**GIVEN INFORMATION**
Lemma sum_adj_regular (V : finType) k r (E : {set {set V}}) (x : V) :
  regular k r E -> (\sum_y adj E x y = r * (k - 1))%N.
Proof.
case=> Ek Er.
have -> : (\sum_y adj E x y =
           \sum_y \sum_(e in E | x \in e) ((y \in e) && (y != x)))%N.
  apply: eq_bigr => y _; rewrite /adj eq_sym; case: eqP => [_|_].
    by rewrite big1 // => e _; rewrite andbF.
  rewrite -sum1_card big_mkcond [RHS]big_mkcond /=.
  by apply: eq_bigr => e _; rewrite !inE andbT; case: (e \in E); case: (x \in e).
rewrite (exchange_big_dep xpredT) //= -(Er x) -sum1_card big_distrl /= [RHS]big_mkcond.
apply: eq_bigr => e _; rewrite inE; case: ifP => [/andP [eE xe]|/negbT Exe]; last first.
  by rewrite big_pred0 // => y; apply/negbTE.
rewrite mul1n -(Ek e eE) (cardsD1 x e) xe add1n subSS subn0 -sum1_card [RHS]big_mkcond /=.
by apply: eq_bigr => y _; rewrite !inE andbC; case: (_ && _).
Qed.

Lemma sumr_adj_regular (R : pzRingType) (V : finType) k r (E : {set {set V}}) (x : V) :
  is_hypergraph E -> regular k r E -> \sum_y (adj E x y)%:R = r%:R * (k%:R - 1) :> R.
Proof.
move=> hE Ekr; rewrite -natr_sum (sum_adj_regular x Ekr) natrM.
case: k Ekr => [|k] [Ek Er]; last by rewrite subn1 /= -addn1 natrD addrK.
suff -> : r = 0%N by rewrite !mul0r.
(* At k = 0 the truncated k - 1 is 0 rather than -1, but then E has no edges. *)
rewrite -(Er x); apply/eqP; rewrite cards_eq0; apply/eqP/setP => e; rewrite !inE.
by apply/negbTE/andP => -[eE _]; move: (hE e eE); rewrite Ek.
Qed.

Definition mixed_ksets (T : finType) k (U C : {set T}) : {set {set T}} :=
  [set S : {set T} |
    [&& #|S| == k, S \subset U :|: C, S :&: U != set0 & S :&: C != set0]].

Section MixedKsets.

Variables (T : finType) (k : nat) (U C : {set T}).

Lemma edges_through_mixed_out u v :
  ~~ ((u \in U :|: C) && (v \in U :|: C)) ->
  edges_through (mixed_ksets k U C) u v = set0.
Proof.
move=> uvUC; apply/setP => S; rewrite in_edges_through in_set0 inE.
apply/negbTE; apply: contra uvUC => /and3P [/and4P [_ /subsetP SUC _ _] uS vS].
by rewrite SUC ?SUC.
Qed.

Lemma mixed_ksetsC : mixed_ksets k U C = mixed_ksets k C U.
Proof. by apply/setP => S; rewrite !inE setUC [(S :&: C != set0) && _]andbC. Qed.

Hypothesis UC : [disjoint U & C].

Lemma cardsU_disjoint : #|U :|: C| = (#|U| + #|C|)%N.
Proof. by rewrite cardsU (disjoint_setI0 UC) cards0 subn0. Qed.

Lemma setI_neq0_compl (S : {set T}) :
  S \subset U :|: C -> (S :&: C != set0) = ~~ (S \subset U).
Proof.
move=> SUC; apply/set0Pn/subsetPn => [[x /setIP [xS xC]]|[x xS xU]].
  by exists x => //; apply: contraL xC => xU; rewrite (disjointFr UC xU).
by exists x; rewrite inE xS; move/subsetP/(_ x xS): SUC; rewrite inE (negbTE xU).
Qed.

Lemma card_mixed_ksets_inner u v : u \in U -> v \in U -> u != v ->
  #|edges_through (mixed_ksets k U C) u v| =
  (binm2 (#|U| + #|C| - 2) k - binm2 (#|U| - 2) k)%N.
Proof.
move=> uU vU uv; have uUC : u \in U :|: C by rewrite inE uU.
have vUC : v \in U :|: C by rewrite inE vU.
rewrite -cardsU_disjoint -(card_ksubsets_pair k uUC vUC uv).
rewrite -(card_ksubsets_pair k uU vU uv).
rewrite -cardsDS; last first.
  apply/subsetP => S; rewrite !inE => /and4P [SU -> -> ->].
  by rewrite (subset_trans SU) ?subsetUl.
apply: eq_card => S; rewrite !inE.
case SUC : (S \subset U :|: C); rewrite ?andbF //= (setI_neq0_compl SUC).
case uS : (u \in S); rewrite ?andbF //=.
have -> : S :&: U != set0 by apply/set0Pn; exists u; rewrite inE uS uU.
by case: (S \subset U); case: (#|S| == k); case: (v \in S).
Qed.

Lemma card_mixed_ksets_cross u v : u \in U -> v \in C ->
  #|edges_through (mixed_ksets k U C) u v| = binm2 (#|U| + #|C| - 2) k.
Proof.
move=> uU vC; have uUC : u \in U :|: C by rewrite inE uU.
have vUC : v \in U :|: C by rewrite inE vC orbT.
have uv : u != v by apply: contraTneq vC => <-; rewrite (disjointFr UC uU).
rewrite -cardsU_disjoint -(card_ksubsets_pair k uUC vUC uv).
apply: eq_card => S; rewrite !inE.
case uS : (u \in S); case vS : (v \in S); rewrite ?andbF //=.
have -> : S :&: U != set0 by apply/set0Pn; exists u; rewrite inE uS uU.
have -> : S :&: C != set0 by apply/set0Pn; exists v; rewrite inE vS vC.
by rewrite !andbT andbC.
Qed.

End MixedKsets.

Lemma card_mixed_ksets_outer (T : finType) k (U C : {set T}) u v :
  [disjoint U & C] -> u \in C -> v \in C -> u != v ->
  #|edges_through (mixed_ksets k U C) u v| =
  (binm2 (#|U| + #|C| - 2) k - binm2 (#|C| - 2) k)%N.
Proof.
move=> UC uC vC uv; rewrite mixed_ksetsC addnC card_mixed_ksets_inner //.
by rewrite disjoint_sym.
Qed.

Section Corona.

Variables (k t p m : nat).
Implicit Types (i : 'I_t) (j : 'I_p) (v w : 'I_(t * p)) (x y : 'I_m).
Local Notation V := (corona_vertex t p m).

(* [mxtens_unindex w] is (w %/ p, w %% p): w is vertex number [block_pos w] of U_(block_of w). *)
Definition block_of (w : 'I_(t * p)) : 'I_t := (mxtens_unindex w).1.
Definition block_pos (w : 'I_(t * p)) : 'I_p := (mxtens_unindex w).2.

Lemma eq_block_pos w1 w2 :
  (block_of w1 == block_of w2) && (block_pos w1 == block_pos w2) = (w1 == w2).
Proof. by rewrite -xpair_eqE -!surjective_pairing (can_eq (@mxtens_unindexK _ _)). Qed.

Lemma card_block_of i : #|[set w : 'I_(t * p) | block_of w == i]| = p.
Proof.
have -> : [set w : 'I_(t * p) | block_of w == i] = [set mxtens_index (i, j) | j : 'I_p].
  apply/setP => w; rewrite inE; apply/eqP/imsetP => [<-|[j _ ->]].
    by exists (block_pos w); rewrite // -surjective_pairing mxtens_unindexK.
  by rewrite /block_of mxtens_indexK.
by rewrite card_imset ?card_ord // => j1 j2 /(can_inj (@mxtens_indexK _ _)) [].
Qed.

Lemma mem_block_inl i v : (inl v \in block m i) = (block_of v == i).
Proof. by rewrite (mem_imset _ _ (@inl_inj _ _)) inE -val_eqE. Qed.

Lemma mem_block_inr i z : (inr z \in (block m i : {set V})) = false.
Proof. by apply/imsetP => -[]. Qed.

Lemma mem_copy_inl i j v : (inl v \in (copy_vertices i j : {set V})) = false.
Proof. by apply/imsetP => -[]. Qed.

Lemma mem_copy_inr i j i' j' x :
  (inr (i', j', x) \in (copy_vertices i j : {set V})) = ((i', j') == (i, j)).
Proof.
rewrite xpair_eqE.
by apply/imsetP/andP => [[y _ [-> ->]]|[/eqP -> /eqP ->]]; last exists x.
Qed.

Lemma card_block i : #|block m i : {set V}| = p.
Proof.
rewrite card_imset; last exact: inl_inj.
by rewrite -[RHS](card_block_of i); apply: eq_card => w; rewrite !inE.
Qed.

Lemma card_copy i j : #|copy_vertices i j : {set V}| = m.
Proof. by rewrite card_imset ?card_ord // => x y []. Qed.

Lemma disjoint_block_copy i j : [disjoint block m i & copy_vertices i j : {set V}].
Proof.
by apply/pred0P => -[v|[[i' j'] x]] /=; rewrite ?mem_copy_inl ?mem_block_inr ?andbF.
Qed.

Variables (E0 : {set {set 'I_(t * p)}}) (G : 'I_t -> {set {set 'I_m}}).

Definition base_edges : {set {set V}} :=
  [set (@inl _ ('I_t * 'I_p * 'I_m)%type) @: e | e : {set 'I_(t * p)} in E0].

Definition copy_edges i j : {set {set V}} :=
  [set (fun x : 'I_m => @inr 'I_(t * p) _ (i, j, x)) @: e | e : {set 'I_m} in G i].

Definition join_edges i j : {set {set V}} :=
  mixed_ksets k (block m i) (copy_vertices i j).

Definition copy_star i j : {set {set V}} := copy_edges i j :|: join_edges i j.

Lemma coronaE :
  corona k m E0 G = base_edges :|: \bigcup_(ij : 'I_t * 'I_p) copy_star ij.1 ij.2.
Proof.
rewrite /corona -setUA -big_split; under eq_bigr do rewrite -big_split.
by rewrite pair_big.
Qed.

Lemma base_edges_inr e z : e \in base_edges -> inr z \notin e.
Proof. by case/imsetP => e0 _ ->; apply/negP => /imsetP [x _]. Qed.

Lemma copy_edges_inl i j e v : e \in copy_edges i j -> inl v \notin e.
Proof. by case/imsetP => e0 _ ->; apply/negP => /imsetP [x _]. Qed.

Lemma copy_star_inr i j e i' j' x :
  e \in copy_star i j -> inr (i', j', x) \in e -> (i', j') = (i, j).
Proof.
case/setUP => [/imsetP [e0 _ ->] /imsetP [y _] [ei ej _]|]; first by rewrite ei ej.
rewrite inE => /and4P [_ /subsetP eUC _ _] /eUC.
by rewrite inE mem_block_inr mem_copy_inr => /eqP.
Qed.

Lemma copy_star_meets i j e z : e \in copy_star i j -> z \in e ->
  exists x, inr (i, j, x) \in e.
Proof.
case/setUP => [/imsetP [e0 _ ->] /imsetP [x xe0 _]|]; first by exists x; apply: imset_f.
rewrite inE => /and4P [_ _ _ /set0Pn [w /setIP [we /imsetP [x _ wE]]]].
by exists x; rewrite -wE.
Qed.

Lemma card_corona_through z1 z2 :
  #|edges_through (corona k m E0 G) z1 z2| =
  (#|edges_through base_edges z1 z2| +
   \sum_i \sum_j (#|edges_through (copy_edges i j) z1 z2| +
                  #|edges_through (join_edges i j) z1 z2|))%N.
Proof.
rewrite coronaE edges_throughU cardsU edges_through_bigcup.
rewrite card_bigcup_disjoint => [|[i j] [i' j'] ne]; last first.
  rewrite -setI_eq0; apply/eqP/setP => e; rewrite in_setI !in_edges_through in_set0.
  apply/negbTE/andP => -[/and3P [eS z1e _] /andP [eS' _]].
  have [x xe] := copy_star_meets eS z1e.
  by move: ne; rewrite (copy_star_inr eS' xe) eqxx.
have -> : edges_through base_edges z1 z2 :&:
          \bigcup_ij edges_through (copy_star ij.1 ij.2) z1 z2 = set0.
  apply/setP => e; rewrite in_setI in_edges_through in_set0.
  apply/negbTE/andP => -[/and3P [eB z1e _] /bigcupP [ij _]].
  rewrite in_edges_through => /and3P [eS _ _].
  by have [x] := copy_star_meets eS z1e; apply/negP/base_edges_inr.
rewrite cards0 subn0 pair_bigA; congr (_ + _)%N; apply: eq_bigr => -[i j] _.
rewrite edges_throughU cardsU -[RHS]subn0; congr (_ - _)%N; apply/eqP; rewrite cards_eq0.
apply/eqP/setP => e; rewrite in_setI !in_edges_through in_set0.
apply/negbTE/andP => -[/and3P [eC _ _] /and3P [+ _ _]].
rewrite inE => /and4P [_ _ /set0Pn [w /setIP [we /imsetP [v _ wE]]] _].
by move: we; rewrite wE; apply/negP/(copy_edges_inl _ eC).
Qed.

Lemma card_base_through_inl u v :
  #|edges_through base_edges (inl u) (inl v)| = #|edges_through E0 u v|.
Proof. exact/card_edges_through_imset/inl_inj. Qed.

Lemma base_through_inr z1 z : edges_through base_edges z1 (inr z) = set0.
Proof. by rewrite edges_throughC edges_through_imset_out //; apply/negP => /codomP []. Qed.

Lemma copy_through_inl i j v z2 : edges_through (copy_edges i j) (inl v) z2 = set0.
Proof. by rewrite edges_through_imset_out //; apply/negP => /codomP []. Qed.

Lemma card_copy_through_inr i j i1 j1 x i2 j2 y :
  #|edges_through (copy_edges i j) (inr (i1, j1, x)) (inr (i2, j2, y))| =
  ((((i1, j1) == (i, j)) && ((i2, j2) == (i, j))) * #|edges_through (G i) x y|)%N.
Proof.
have out i' j' x' : (i', j') != (i, j) ->
    inr (i', j', x') \notin codom (fun x : 'I_m => @inr 'I_(t * p) _ (i, j, x)).
  by move=> ne; apply/negP => /codomP [x'' [e1 e2 _]]; move: ne; rewrite e1 e2 eqxx.
case: (eqVneq (i1, j1) (i, j)) => [[-> ->]|ne1] /=; last first.
  by rewrite mul0n edges_through_imset_out ?cards0 ?out.
case: (eqVneq (i2, j2) (i, j)) => [[-> ->]|ne2] /=; last first.
  by rewrite mul0n edges_throughC edges_through_imset_out ?cards0 ?out.
by rewrite mul1n card_edges_through_imset // => x1 x2 [].
Qed.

**ABOUT THIS EXERCISE**
All that is wanted is a faithful reproduction of the line above with "move=> uU vC;", the line with "[disjoint U & C] ->", and every line in between.

**WRITTEN SOLUTION**
move=> uU vC; have uUC : u \in U :|: C by rewrite inE uU.
have vUC : v \in U :|: C by rewrite inE vC orbT.
have uv : u != v by apply: contraTneq vC => <-; rewrite (disjointFr UC uU).
rewrite -cardsU_disjoint -(card_ksubsets_pair k uUC vUC uv).
apply: eq_card => S; rewrite !inE.
case uS : (u \in S); case vS : (v \in S); rewrite ?andbF //=.
have -> : S :&: U != set0 by apply/set0Pn; exists u; rewrite inE uS uU.
have -> : S :&: C != set0 by apply/set0Pn; exists v; rewrite inE vS vC.
by rewrite !andbT andbC.
Qed.

End MixedKsets.

Lemma card_mixed_ksets_outer (T : finType) k (U C : {set T}) u v :
  [disjoint U & C] -> u \in C -> v \in C -> u != v ->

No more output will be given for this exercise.